The transcription factor CYS3 of Neurospora crassa is a positive regulator of the sulfur regulatory circuit which contains many structural genes involved in sulfur metabolism. Expression and degradation of the CYS3 protein are precisely regulated in a sulfur-dependent manner. cys-3 expression was found to be fully repressed by high concentrations of methionine or inorganic sulfate present in the culture medium and to be derepressed when these favored sulfur sources were limited. cys-3 transcripts could be readily detected within 2 h after derepression, whereas the CYS3 protein was not found until after 4 h. CYS3 is stable, with a half-life greater than 4 h under low-sulfur conditions when it is required for cell growth.
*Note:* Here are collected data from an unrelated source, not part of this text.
(* Let $g_k$ denote the number of isomorphism classes of simple graphs on $k$ vertices. For every $n\ge 6$, there are at least $2g_{n-6}$ pairs of graphs $(G_1,G_2)$ of order $n$ which have the same Laplacian spectra but different Ihara zeta functions.
   Context: Graphs are finite and simple; the Laplacian is $L=D-A$. The Ihara zeta function of a graph with adjacency matrix $A$, degree matrix $D$, $n_G$ vertices and $m_G$ edges is $Z_G(t)=(1-t^2)^{n_G-m_G}\det(I-tA+t^2(D-I))^{-1}$ (equivalently the product $\prod_{[\gamma]}(1-t^{\ell(\gamma)})^{-1}$ over rotation classes of primitive closed geodesics). The null graph counts as the unique graph on $0$ vertices, so $g_0=1$. *)

From HB Require Import structures.
From mathcomp Require Import all_boot all_order all_algebra all_fingroup.
From mathcomp Require Import all_field.
Set Implicit Arguments. Unset Strict Implicit. Unset Printing Implicit Defensive.
Import Order.TTheory GRing.Theory Num.Theory.
Local Open Scope ring_scope.

Definition graph (n : nat) := {ffun 'I_n * 'I_n -> bool}.

Definition adj n (G : graph n) (i j : 'I_n) : bool := G (i, j).

Definition simple_graph n (G : graph n) : bool :=
  [forall i, forall j, adj G i j == adj G j i] && [forall i, ~~ adj G i i].

Definition graph_iso n (G H : graph n) : bool :=
  [exists s : 'S_n, [forall i, forall j, adj H (s i) (s j) == adj G i j]].

Definition iso_class n (G : graph n) : {set graph n} :=
  [set H | simple_graph H && graph_iso G H].

Definition iso_classes n : {set {set graph n}} :=
  [set iso_class G | G in [set G : graph n | simple_graph G]].

Definition num_graphs (k : nat) : nat := #|iso_classes k|.

Definition deg n (G : graph n) (i : 'I_n) : nat := #|[set j | adj G i j]|.
Definition num_edges n (G : graph n) : nat :=
  #|[set p : 'I_n * 'I_n | adj G p.1 p.2 && (p.1 < p.2)%N]|.

Definition adj_mx (R : pzRingType) n (G : graph n) : 'M[R]_n :=
  \matrix_(i, j) (adj G i j)%:R.
Definition deg_mx (R : pzRingType) n (G : graph n) : 'M[R]_n :=
  \matrix_(i, j) ((i == j)%:R * (deg G i)%:R).
Definition laplacian (R : pzRingType) n (G : graph n) : 'M[R]_n :=
  deg_mx R G - adj_mx R G.

(* Laplacian spectrum (eigenvalues with multiplicities) = the characteristic
   polynomial of L, taken over the algebraic complex numbers. *)
Definition lap_cospectral n (G1 G2 : graph n) : bool :=
  char_poly (laplacian algC G1) == char_poly (laplacian algC G2).

(* Ihara zeta function as a rational function in t, i.e. an element of the
   fraction field of Q[t]:
   Z_G(t) = (1-t^2)^(n-m) * det(I - tA + t^2(D - I))^(-1). *)
Definition ihara_det n (G : graph n) : {poly rat} :=
  \det (\matrix_(i, j)
          ((i == j)%:R - 'X * (adj G i j)%:R
           + 'X ^+ 2 * ((i == j)%:R * (deg G i)%:R - (i == j)%:R)) : 'M[{poly rat}]_n).

Definition ihara_zeta n (G : graph n) : {fraction {poly rat}} :=
  (tofrac (1 - 'X ^+ 2 : {poly rat})) ^ ((n%:Z - (num_edges G)%:Z)%R)
  / tofrac (ihara_det G).
(* Let $q$ be a prime power, $m\ge2$, $1\le k<n$, and let $X\in \mathbb{F}_{q^m}^{k\times(n-k)}$ be chosen uniformly at random. Then $$\Pr\big(\mathrm{rs} [\,I_k \mid X\,] \text{ is a generalized Gabidulin code}\big) \leq \phi(m)\,( 2q^{1-m})^{\lfloor\frac{k}{2}\rfloor \lfloor\frac{n-k}{2}\rfloor},$$ where $\phi$ is Euler's totient function.
   Context: $\mathrm{rs}$ denotes $\mathbb{F}_{q^m}$-row space. For $s$ coprime to $m$ and $g_1,\dots,g_n\in\mathbb{F}_{q^m}$ linearly independent over $\mathbb{F}_q$, the generalized Gabidulin code of dimension $k$ with parameter $s$ is the row space of the $k\times n$ matrix with $(i,j)$ entry $g_j^{q^{s(i-1)}}$; a generalized Gabidulin code is such a code for some such $s$ and $g_1,\dots,g_n$. *)

From mathcomp Require Import all_boot all_order all_algebra.
From mathcomp Require Import boolp.
Set Implicit Arguments. Unset Strict Implicit. Unset Printing Implicit Defensive.
Import GRing.Theory.
Local Open Scope ring_scope.

Definition prime_power (q : nat) : Prop :=
  exists p e : nat, [/\ prime p, (0 < e)%N & q = (p ^ e)%N].

(* The prime subfield F_q of L (when #|L| = q^m): elements fixed by x |-> x^q. *)
Definition in_Fq (L : finFieldType) (q : nat) (x : L) : Prop := x ^+ q = x.

Definition Fq_lin_indep (L : finFieldType) (q n : nat) (g : 'rV[L]_n) : Prop :=
  forall c : 'I_n -> L, (forall j, in_Fq q (c j)) ->
    \sum_(j < n) c j * g 0 j = 0 -> forall j, c j = 0.

(* generator matrix of the generalized Gabidulin code: entry (i,j) = g_j^(q^(s i))
   (rows indexed from 0, so i here is i-1 of the paper) *)
Definition gabidulin_mx (L : finFieldType) (q s k n : nat) (g : 'rV[L]_n)
  : 'M[L]_(k, n) := \matrix_(i < k, j < n) g 0 j ^+ (q ^ (s * i)).

Definition is_gen_gabidulin (L : finFieldType) (q m k n : nat) (A : 'M[L]_(k, n))
  : Prop :=
  exists (s : nat) (g : 'rV[L]_n),
    [/\ coprime s m, Fq_lin_indep q g & (A == gabidulin_mx q s k g)%MS].

Definition prob_gabidulin (L : finFieldType) (q m k r : nat) : rat :=
  (#|[set X : 'M[L]_(k, r) |
       `[< is_gen_gabidulin q m (row_mx (1%:M : 'M[L]_k) X) >] ]|%:R
   / #|{: 'M[L]_(k, r)}|%:R).

From mathcomp Require Import all_boot all_order all_algebra.
From mathcomp Require Import boolp finfield.
From mathcomp Require Import zify.
Import GRing.Theory Num.Theory.
Local Open Scope ring_scope.
Set Implicit Arguments. Unset Strict Implicit.

(* A generalized Gabidulin code of dimension k and length 1 + n is determined
   by s mod m (coprime to m) and by g normalised to g_0 = 1: replacing s by
   s mod m does not change the Frobenius powers, and scaling g by a nonzero
   lambda multiplies the generator matrix by an invertible diagonal matrix.
   If rs [I_k | X] is such a code, X is read off the generator matrix, so at
   most phi(m) q^(m (k - 1 + r)) of the q^(m k r) matrices X are good. Since
   floor(k/2) floor(r/2) <= (k - 1)(r - 1), this already gives the bound
   without the factor 2^(floor(k/2) floor(r/2)). *)

Lemma card_coprime_ord m : #|[set t : 'I_m | coprime t m]| = totient m.
Proof.
rewrite totient_count_coprime big_mkord -sum1_card big_mkcond /=.
by apply: eq_bigr => i _; rewrite inE coprime_sym; case: coprime.
Qed.

Section Frobenius.

Variables (L : finFieldType) (q m : nat).
Hypothesis hL : #|L| = (q ^ m)%N.

Lemma expr_expn_modn (x : L) a : x ^+ (q ^ a) = x ^+ (q ^ (a %% m)).
Proof.
rewrite {1}(div.divn_eq a m) expnD exprM.
suff -> : x ^+ (q ^ (a %/ m * m)%N) = x by [].
elim: (a %/ m)%N => [|d IH]; first by rewrite mul0n expn0 expr1.
by rewrite mulSn expnD exprM -hL expf_card.
Qed.

Lemma gabidulin_mx_modn s k n (g : 'rV[L]_n) :
  gabidulin_mx q (s %% m) k g = gabidulin_mx q s k g.
Proof.
apply/matrixP => i j; rewrite !mxE [RHS]expr_expn_modn [LHS]expr_expn_modn.
by rewrite modnMml.
Qed.

End Frobenius.

Lemma gabidulin_mx_scale (L : finFieldType) q s k n (lam : L) (g : 'rV_n) :
  lam != 0 -> (gabidulin_mx q s k (lam *: g) :=: gabidulin_mx q s k g)%MS.
Proof.
move=> lam0; pose d := \row_(i < k) lam ^+ (q ^ (s * i)).
have -> : gabidulin_mx q s k (lam *: g) = diag_mx d *m gabidulin_mx q s k g.
  by apply/matrixP => i j; rewrite mul_diag_mx !mxE exprMn.
apply: eqmxMfull; rewrite row_full_unit unitmxE det_diag unitfE.
by apply/prodf_neq0 => i _; rewrite mxE expf_neq0.
Qed.

Lemma Fq_lin_indep_neq0 (L : finFieldType) q n (g : 'rV[L]_n) j :
  (0 < q)%N -> Fq_lin_indep q g -> g 0 j != 0.
Proof.
move=> q_gt0 indep_g; apply/eqP => gj0.
pose c j' : L := (j' == j)%:R.
have c_Fq j' : in_Fq q (c j').
  rewrite /in_Fq /c; case: (j' == j); first exact: expr1n.
  by rewrite expr0n eqn0Ngt q_gt0.
have sum0 : \sum_(j' < n) c j' * g 0 j' = 0.
  by rewrite big1 // => j' _; rewrite /c; case: eqP => [->|_]; rewrite ?gj0 ?mulr0 ?mul0r.
by have := indep_g c c_Fq sum0 j; rewrite /c eqxx => /eqP; rewrite oner_eq0.
Qed.

Lemma gen_gabidulin_normal (L : finFieldType) q m k n (A : 'M[L]_(k, 1 + n)) :
  #|L| = (q ^ m)%N -> (0 < q)%N -> (0 < m)%N -> is_gen_gabidulin q m A ->
  exists2 p : 'I_m * 'rV_n,
    coprime p.1 m & (A == gabidulin_mx q p.1 k (row_mx (const_mx 1) p.2))%MS.
Proof.
move=> hL q_gt0 m_gt0 [s [g [cop_s indep_g /eqmxP eqA]]].
have g00 : g 0 0 != 0 := Fq_lin_indep_neq0 0 q_gt0 indep_g.
set g' := (g 0 0)^-1 *: g.
have g'E : row_mx (const_mx 1) (rsubmx (g' : 'rV_(1 + n))) = g'.
  rewrite -[RHS](hsubmxK (g' : 'rV_(1 + n))); congr row_mx.
  apply/rowP => i; rewrite ord1 !mxE.
  by rewrite (_ : lshift n 0 = 0) ?mulVf //; apply/val_inj.
exists (Ordinal (ltn_pmod s m_gt0), rsubmx (g' : 'rV_(1 + n))).
  by rewrite /= coprime_modl.
apply/eqmxP; apply: eqmx_trans eqA _; rewrite g'E /= gabidulin_mx_modn //.
by apply: eqmx_sym; apply: gabidulin_mx_scale; rewrite invr_eq0.
Qed.

Definition systematic_part (F : fieldType) k r (A : 'M[F]_(k, k + r))
  : 'M_(k, r) := invmx (lsubmx A) *m rsubmx A.

Lemma systematic_part_eqmx (F : fieldType) k r (A : 'M[F]_(k, k + r)) X :
  (row_mx 1%:M X == A)%MS -> systematic_part A = X.
Proof.
case/andP => /submxP [C AE] /submxP [B XE].
have {XE}AE' : A = row_mx B (B *m X) by rewrite XE mul_mx_row mulmx1.
move: AE; rewrite AE' mul_mx_row => /eq_row_mx [/esym CB _].
have [_ B_unit] := mulmx1_unit CB.
by rewrite /systematic_part row_mxKl row_mxKr mulKmx.
Qed.

Lemma card_gen_gabidulin_le (L : finFieldType) q m k r :
  #|L| = (q ^ m)%N -> (0 < q)%N -> (0 < m)%N ->
  (#|[set X : 'M[L]_(k.+1, r) | `[< is_gen_gabidulin q m (row_mx 1%:M X) >] ]|
    <= totient m * (q ^ m) ^ (k + r))%N.
Proof.
move=> hL q_gt0 m_gt0.
pose P := [set p : 'I_m * 'rV[L]_(k + r) | coprime p.1 m].
pose code (p : 'I_m * 'rV[L]_(k + r)) : 'M_(k.+1, k.+1 + r) :=
  gabidulin_mx q p.1 k.+1 (row_mx (const_mx 1 : 'rV_1) p.2).
have sub : [set X | `[< is_gen_gabidulin q m (row_mx 1%:M X) >] ]
             \subset [set systematic_part (code p) | p in P].
  apply/subsetP => X; rewrite inE => /asboolP.
  case/(gen_gabidulin_normal hL q_gt0 m_gt0) => p cop_p eqX.
  by apply/imsetP; exists p; rewrite ?inE // (systematic_part_eqmx eqX).
apply: leq_trans (subset_leq_card sub) (leq_trans (leq_imset_card _ _) _).
have -> : P = setX [set t : 'I_m | coprime t m] setT.
  by apply/setP => -[t h]; rewrite !inE andbT.
by rewrite cardsX card_coprime_ord cardsT card_mx hL mul1n.
Qed.

Lemma gabidulin_exponent_le m k r : (0 < r)%N ->
  (m * (k + r) + (m - 1) * (k.+1./2 * r./2) <= m * (k.+1 * r))%N.
Proof.
move=> r_gt0.
have e_le : (k.+1./2 * r./2 <= k * r.-1)%N by apply: leq_mul; lia.
have := leq_mul (leq_subr 1 m) e_le.
have -> : (m * (k.+1 * r) = m * (k + r) + m * (k * r.-1))%N.
  by rewrite -mulnDr -{1 3}(prednK r_gt0); congr (m * _)%N; lia.
by rewrite leq_add2l.
Qed.

Theorem theorem4p9 (q m k r : nat) (L : finFieldType)
  (hq : prime_power q) (hL : #|L| = (q ^ m)%N) (hm : (2 <= m)%N)
  (hk : (1 <= k)%N) (hr : (1 <= r)%N) :
  prob_gabidulin L q m k r <=
    (totient m)%:R * (2%:R / (q%:R ^+ (m - 1)%N)) ^+ (k./2 * r./2)%N.
Proof.
have q_gt0 : (0 < q)%N by case: hq => p [e [p_pr _ ->]]; rewrite expn_gt0 prime_gt0.
have m_gt0 : (0 < m)%N by apply: leq_trans hm.
case: k hk => // k _; rewrite /prob_gabidulin.
set S := [set X | _]; set e := (k.+1./2 * r./2)%N.
have count_ineq :
    (#|S| * (q ^ (m - 1)) ^ e <= (totient m * 2 ^ e) * (q ^ m) ^ (k.+1 * r))%N.
  have cardS : (#|S| <= totient m * (q ^ m) ^ (k + r))%N.
    exact: card_gen_gabidulin_le.
  apply: leq_trans (leq_mul cardS (leqnn _)) _.
  apply: (@leq_trans (totient m * (q ^ m) ^ (k.+1 * r))).
    rewrite -mulnA leq_mul // -!expnM -expnD leq_pexp2l //.
    exact: gabidulin_exponent_le.
  by rewrite mulnAC leq_pmulr // expn_gt0.
rewrite card_mx hL expr_div_n -natrX -natrX mulrA -natrM.
rewrite ler_pdivrMr ?ltr0n ?expn_gt0 ?q_gt0 //.
rewrite mulrAC ler_pdivlMr ?exprn_gt0 ?ltr0n ?expn_gt0 ?q_gt0 //.
by rewrite -natrX -!natrM ler_nat.
Qed.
However, it is degraded relatively quickly when methionine or inorganic sulfate becomes available. Upon sulfur repression, cys-3 transcripts disappeared within 30 min with an estimated half-life of 5 min whereas CYS3 protein almost entirely disappeared in 1 h with a half-life of approximately 10 min. These results suggest that a selective elimination of CYS3 is a highly regulated process. Site-directed mutagenesis showed that Lys-105 of CYS3 is important for its instability. The change of this single residue from lysine to glutamine resulted in a prolonged half life of CYS3 and impaired responsiveness of CYS3 degradation to sulfur level changes.